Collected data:

(* The map on inversion sequences given by Algorithm A (described below) is an involution: if $\epsilon$ is an inversion sequence, $\epsilon'$ is the result of applying Algorithm A to $\epsilon$, and $\epsilon''$ is the result of applying Algorithm A to $\epsilon'$, then $\epsilon''=\epsilon$.
   Context: An inversion sequence of length $n$ is an integer sequence with $0\le\epsilon_i<i$ for all $i$. The reduction of an integer word replaces each occurrence of its $k$-th smallest distinct value by $k-1$; a consecutive pattern $\underline{p_1p_2p_3p_4}$ occurs in a sequence at position $i$ if the reduction of its entries in positions $i,\dots,i+3$ equals $p_1p_2p_3p_4$. Let $p=\underline{0102}$ and $q=\underline{0112}$. Algorithm A, on input an integer sequence $\mathrm{seq}=\epsilon_1\cdots\epsilon_n$: let $E_p$, $E_q$ be the sets of positions of occurrences of $p$, resp. $q$, in the input sequence; set $\mathrm{last}:=$ null. For $i=1,2,\dots,n$ in order: let $N_p,N_q$ be the sets of positions of occurrences of $p$, resp. $q$, in the current sequence. If $i-2\in E_p$: set $\mathrm{last}:=\mathrm{seq}[i]$ and $\mathrm{seq}[i]:=\mathrm{seq}[i-1]$. Else if $i-2\in E_q$: set $\mathrm{last}:=\mathrm{seq}[i]$ and $\mathrm{seq}[i]:=\mathrm{seq}[i-2]$. Else if $i-2\in N_p$ or $i-2\in N_q$: swap the values of $\mathrm{seq}[i]$ and $\mathrm{last}$. Output $\mathrm{seq}$. *)

From mathcomp Require Import all_boot.
Set Implicit Arguments. Unset Strict Implicit. Unset Printing Implicit Defensive.

(* Sequences are lists of naturals; positions are 1-indexed as in the paper:
   entry at position i of s is  nth 0 s i.-1 . *)

Definition is_inversion_seq (s : seq nat) : bool :=
  all (fun i => nth 0 s i.-1 < i) (iota 1 (size s)).

Definition reduction (w : seq nat) : seq nat :=
  map (fun x => count (fun y => y < x) (undup w)) w.

Definition occurs_at (p s : seq nat) (i : nat) : bool :=
  [&& 0 < i, i + 3 <= size s & reduction (take 4 (drop i.-1 s)) == p].

Definition pat_p : seq nat := [:: 0; 1; 0; 2].
Definition pat_q : seq nat := [:: 0; 1; 1; 2].

Definition occ_minus2 (p s : seq nat) (i : nat) : bool :=
  (2 < i) && occurs_at p s (i - 2).

(* One iteration (index i) of Algorithm A. [s0] is the input sequence
   (used for E_p, E_q); the state is (current sequence, last), where
   last = None stands for "null". *)
Definition algA_step (s0 : seq nat) (st : seq nat * option nat) (i : nat)
  : seq nat * option nat :=
  let: (s, last) := st in
  if occ_minus2 pat_p s0 i then
    (set_nth 0 s i.-1 (nth 0 s (i - 2)), Some (nth 0 s i.-1))
  else if occ_minus2 pat_q s0 i then
    (set_nth 0 s i.-1 (nth 0 s (i - 3)), Some (nth 0 s i.-1))
  else if occ_minus2 pat_p s i || occ_minus2 pat_q s i then
    match last with
    | Some l => (set_nth 0 s i.-1 l, Some (nth 0 s i.-1))
    | None => (s, None) (* unreachable on any input *)
    end
  else (s, last).

Definition algorithmA (s0 : seq nat) : seq nat :=
  (foldl (algA_step s0) (s0, None) (iota 1 (size s0))).1.

(* Algorithm A only rewrites the third entry of a window x b y d with x < b < d, and only
   in a dip: the changed entry and its new value are at most the left neighbour, which is
   itself unchanged, and below the right neighbour.  So changed positions are isolated and
   [last] always holds the original value of the most recently changed entry.  Writing x'
   for the output already produced at the first position, the window x b x d becomes
   x' b b d, the window x b b d becomes x' b x' d, and a window x b x' d (x' <> x) that
   only turns into a pattern through the change of its first entry becomes x' b x d, with
   x taken from [last].  The second pass meets these three situations with the roles of
   input and output exchanged, so it restores the entries one by one from left to right. *)

From mathcomp Require Import all_boot zify.

Set Implicit Arguments.
Unset Strict Implicit.
Unset Printing Implicit Defensive.

Definition p_shape (a b c d : nat) : bool := [&& a == c, a < b & b < d].
Definition q_shape (a b c d : nat) : bool := [&& a < b, b == c & c < d].

Definition rank (w : seq nat) (x : nat) : nat := count (fun z => z < x) (undup w).

Lemma count_lt_mono (s : seq nat) x y :
  x \in s -> x < y -> count (fun z => z < x) s < count (fun z => z < y) s.
Proof.
move=> xs xy; have le_xy : subpred (fun z => z < x) (fun z => z < y).
  by move=> z /ltn_trans; apply.
elim: s xs => //= z s IH; rewrite inE => /orP [/eqP <-|zs].
  by rewrite ltnn xy add1n ltnS sub_count.
have := IH zs; have := @le_xy z; case: (z < x) => [/(_ isT) ->|_] /=; lia.
Qed.

Lemma ltn_rank w x y : x \in w -> y \in w -> (rank w x < rank w y) = (x < y).
Proof.
move=> xw yw; rewrite /rank; case: (ltngtP x y) => [xy|yx|<-]; last by rewrite ltnn.
- by apply: count_lt_mono; rewrite ?mem_undup.
- by apply/negbTE; rewrite -leqNgt ltnW // count_lt_mono ?mem_undup.
Qed.

Lemma eqn_rank w x y : x \in w -> y \in w -> (rank w x == rank w y) = (x == y).
Proof.
move=> xw yw; case: (ltngtP x y) => [xy|yx|->]; rewrite ?eqxx //; apply/negbTE.
  by rewrite neq_ltn (ltn_rank xw yw) xy.
by rewrite neq_ltn (ltn_rank yw xw) yx orbT.
Qed.

Lemma reduction_p a b c d : (reduction [:: a; b; c; d] == pat_p) = p_shape a b c d.
Proof.
apply/eqP/and3P => [|[/eqP <- ab bd]].
  set w := [:: a; b; c; d].
  have [aw bw cw dw] : [/\ a \in w, b \in w, c \in w & d \in w] by rewrite !inE !eqxx ?orbT.
  have -> : reduction w = [:: rank w a; rank w b; rank w c; rank w d] by [].
  move=> [ra rb rc rd]; split.
  - by rewrite -(eqn_rank aw cw) ra rc.
  - by rewrite -(ltn_rank aw bw) ra rb.
  - by rewrite -(ltn_rank bw dw) rb rd.
have [ba da db] : [/\ b == a = false, d == a = false & d == b = false] by split; apply/negbTE/eqP; lia.
rewrite /reduction /= !inE !eqxx ?ba ?da ?db ![a == _]eq_sym ?ba ?da ![b == _]eq_sym ?db /=.
have [-> -> ->] : [/\ b < a = false, d < a = false & d < b = false].
  by split; apply/negbTE; lia.
by rewrite !ltnn ab bd (ltn_trans ab bd).
Qed.

Lemma reduction_q a b c d : (reduction [:: a; b; c; d] == pat_q) = q_shape a b c d.
Proof.
apply/eqP/and3P => [|[ab /eqP <- bd]].
  set w := [:: a; b; c; d].
  have [aw bw cw dw] : [/\ a \in w, b \in w, c \in w & d \in w] by rewrite !inE !eqxx ?orbT.
  have -> : reduction w = [:: rank w a; rank w b; rank w c; rank w d] by [].
  move=> [ra rb rc rd]; split.
  - by rewrite -(ltn_rank aw bw) ra rb.
  - by rewrite -(eqn_rank bw cw) rb rc.
  - by rewrite -(ltn_rank cw dw) rc rd.
have [ba da db] : [/\ b == a = false, d == a = false & d == b = false] by split; apply/negbTE/eqP; lia.
rewrite /reduction /= !inE !eqxx ?ba ?da ?db ![a == _]eq_sym ?ba ?da ![b == _]eq_sym ?db /=.
have [-> -> ->] : [/\ b < a = false, d < a = false & d < b = false].
  by split; apply/negbTE; lia.
by rewrite !ltnn ab bd (ltn_trans ab bd).
Qed.

Definition pattern (a b c d : nat) : bool := p_shape a b c d || q_shape a b c d.

(* Iteration t.+1 of Algorithm A on a full window: [x b y d] are the input entries at
   positions t-2 .. t+1 (0-indexed), [x' b'] the output entries already written at t-2 and
   t-1.  The result is the output entry at t and the new value of [last]. *)
Definition window_step (x b y d x' b' : nat) (last : option nat) : nat * option nat :=
  if p_shape x b y d then (b', Some y)
  else if q_shape x b y d then (x', Some y)
  else if pattern x' b' y d then
    if last is Some l then (l, Some y) else (y, None)
  else (y, last).

Section Window.

Variables x b y d x' b' : nat.
Hypothesis kept_b : b' = b \/ x' = x /\ b <= x /\ b' <= x.
Hypothesis kept_x : x' = x \/ x < b /\ x' < b.

Lemma window_pattern_moved :
  pattern x' b' y d -> ~~ pattern x b y d -> [/\ b' = b, x' <> x, y = x' & x' < b < d].
Proof. rewrite /pattern /p_shape /q_shape => ? ?; split; lia. Qed.

Lemma window_step_cases {la y' la'} :
  (pattern x' b' y d -> ~~ pattern x b y d -> la = Some x) ->
  window_step x b y d x' b' la = (y', la') ->
  y' = y /\ la' = la \/ [/\ y' <> y, b' = b, y <= b < d, y' <= b & la' = Some y].
Proof.
move=> last_x; rewrite /window_step.
case: ifP => P; [|case: ifP => Q; [|case: ifP => C]]; last by case=> -> ->; left.
- by case=> <- <-; right; split=> //; move: P; rewrite /p_shape; lia.
- by case=> <- <-; right; split=> //; move: P Q; rewrite /p_shape /q_shape; lia.
have notC : ~~ pattern x b y d by rewrite /pattern P Q.
have [-> ? -> ?] := window_pattern_moved C notC.
by rewrite last_x // => -[<- <-]; right; split=> //; lia.
Qed.

Lemma window_step_involutive {y' d' la la' lb} :
  d' = d \/ y' = y /\ d <= y /\ d' <= y ->
  (pattern x' b' y d -> ~~ pattern x b y d -> la = Some x) ->
  (pattern x b y' d' -> ~~ pattern x' b' y' d' -> lb = Some x') ->
  window_step x b y d x' b' la = (y', la') ->
  (window_step x' b' y' d' x b lb).1 = y.
Proof.
move=> kept_d last_x last_x'; rewrite {1}/window_step.
case: ifP => P; [|case: ifP => Q; [|case: ifP => C]].
- case=> <- _; move: P; rewrite /window_step /p_shape /q_shape /=.
  case: ifP => P2; [|case: ifP => Q2]; move: P2 => /=; lia.
- case=> <- _; move: P Q; rewrite /window_step /p_shape /q_shape /=.
  case: ifP => P2; move: P2 => /=; lia.
- have notC : ~~ pattern x b y d by rewrite /pattern P Q.
  have [eb nx yx bd] := window_pattern_moved C notC.
  rewrite last_x // => -[? _]; subst y'; rewrite /window_step.
  have [P2 Q2] : p_shape x' b' x d' = false /\ q_shape x' b' x d' = false.
    by rewrite /p_shape /q_shape; split; lia.
  have pat : pattern x b x d' by rewrite /pattern /p_shape; lia.
  by rewrite P2 Q2 pat (last_x' pat) // /pattern P2 Q2.
- case=> <- _; rewrite /window_step.
  have [-> ->] : p_shape x' b' y d' = false /\ q_shape x' b' y d' = false.
    by move: C; rewrite /pattern /p_shape /q_shape; split; lia.
  suff -> : pattern x b y d' = false by [].
  by move: P Q; rewrite /pattern /p_shape /q_shape; lia.
Qed.

End Window.

(* A run of Algorithm A with input U and output V, where [A t] is the value of [last]
   before position t is processed. *)
Definition run_step (U V : nat -> nat) (A : nat -> option nat) (n t : nat) : Prop :=
  (V t, A t.+1) =
  if (1 < t) && (t.+2 <= n)
  then window_step (U t.-2) (U t.-1) (U t) (U t.+1) (V t.-2) (V t.-1) (A t)
  else (U t, A t).

Definition kept_or_dip (U V : nat -> nat) (j : nat) : Prop :=
  V j = U j \/ [/\ V j.-1 = U j.-1, U j <= U j.-1 < U j.+1 & V j <= U j.-1].

Fixpoint last_change (U V : nat -> nat) (t : nat) : option nat :=
  if t is s.+1 then if V s == U s then last_change U V s else Some s else None.

Section Run.

Variables (U V : nat -> nat) (A : nat -> option nat) (n : nat).
Hypothesis A0 : A 0 = None.
Hypothesis run : forall t, t < n -> run_step U V A n t.

Definition run_inv (t : nat) : Prop :=
  (forall j, j < t -> kept_or_dip U V j) /\ A t = omap U (last_change U V t).

Lemma kept_or_dip_window m : (forall j, j < m.+2 -> kept_or_dip U V j) ->
  (V m.+1 = U m.+1 \/ V m = U m /\ U m.+1 <= U m /\ V m.+1 <= U m) /\
  (V m = U m \/ U m < U m.+1 /\ V m < U m.+1).
Proof.
move=> kept; have := kept m.+1 (ltnSn _); have := kept m (ltnW (ltnSn _)).
rewrite /kept_or_dip /= => -[?|[? ? ?]] [?|[? ? ?]]; lia.
Qed.

Lemma last_of_new_pattern m : run_inv m.+2 ->
  pattern (V m) (V m.+1) (U m.+2) (U m.+3) -> ~~ pattern (U m) (U m.+1) (U m.+2) (U m.+3) ->
  A m.+2 = Some (U m).
Proof.
move=> [/kept_or_dip_window [kb kx] ->] C notC.
have [eb nx _ _] := window_pattern_moved kb kx C notC.
by rewrite /= eb eqxx (introF eqP nx).
Qed.

Lemma run_step_cases t : t < n -> run_inv t ->
  V t = U t /\ A t.+1 = A t \/
  [/\ V t <> U t, kept_or_dip U V t & A t.+1 = Some (U t)].
Proof.
move=> lt_tn inv; have := run lt_tn; rewrite /run_step.
case: ifP => [/andP [t_gt1 tn]|_ [-> ->]]; last by left.
have [m def_t] : exists m, t = m.+2 by exists t.-2; lia.
subst t => /esym E.
have [kb kx] := kept_or_dip_window (proj1 inv).
have := window_step_cases kb kx (last_of_new_pattern inv) E.
case=> [|[ne eb ? ? ->]]; first by left.
by right; split=> //; right; split=> //=; lia.
Qed.

Lemma run_invariant t : t <= n -> run_inv t.
Proof.
elim: t => [|t IH] lt_tn; first by split=> // j.
have [kept lastA] := IH (ltnW lt_tn).
rewrite /run_inv; have [[e ->]|[ne kt ->]] := run_step_cases lt_tn (IH (ltnW lt_tn)).
- split=> [j|]; last by rewrite /= e eqxx.
  by rewrite ltnS leq_eqVlt => /orP [/eqP ->|/kept]; [left|].
- split=> [j|]; last by rewrite /= (introF eqP ne).
  by rewrite ltnS leq_eqVlt => /orP [/eqP ->|/kept].
Qed.

End Run.

Section TwoRuns.

Variables (X Y Z : nat -> nat) (A B : nat -> option nat) (n : nat).
Hypotheses (A0 : A 0 = None) (B0 : B 0 = None).
Hypothesis runXY : forall t, t < n -> run_step X Y A n t.
Hypothesis runYZ : forall t, t < n -> run_step Y Z B n t.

-- Task requirements --
Set down exactly the lines of the data above, beginning with the line that has "- have notC" and ending with the line that has "End Window.", and no others.

-- Task solution --
- have notC : ~~ pattern x b y d by rewrite /pattern P Q.
  have [eb nx yx bd] := window_pattern_moved C notC.
  rewrite last_x // => -[? _]; subst y'; rewrite /window_step.
  have [P2 Q2] : p_shape x' b' x d' = false /\ q_shape x' b' x d' = false.
    by rewrite /p_shape /q_shape; split; lia.
  have pat : pattern x b x d' by rewrite /pattern /p_shape; lia.
  by rewrite P2 Q2 pat (last_x' pat) // /pattern P2 Q2.
- case=> <- _; rewrite /window_step.
  have [-> ->] : p_shape x' b' y d' = false /\ q_shape x' b' y d' = false.
    by move: C; rewrite /pattern /p_shape /q_shape; split; lia.
  suff -> : pattern x b y d' = false by [].
  by move: P Q; rewrite /pattern /p_shape /q_shape; lia.
Qed.

End Window.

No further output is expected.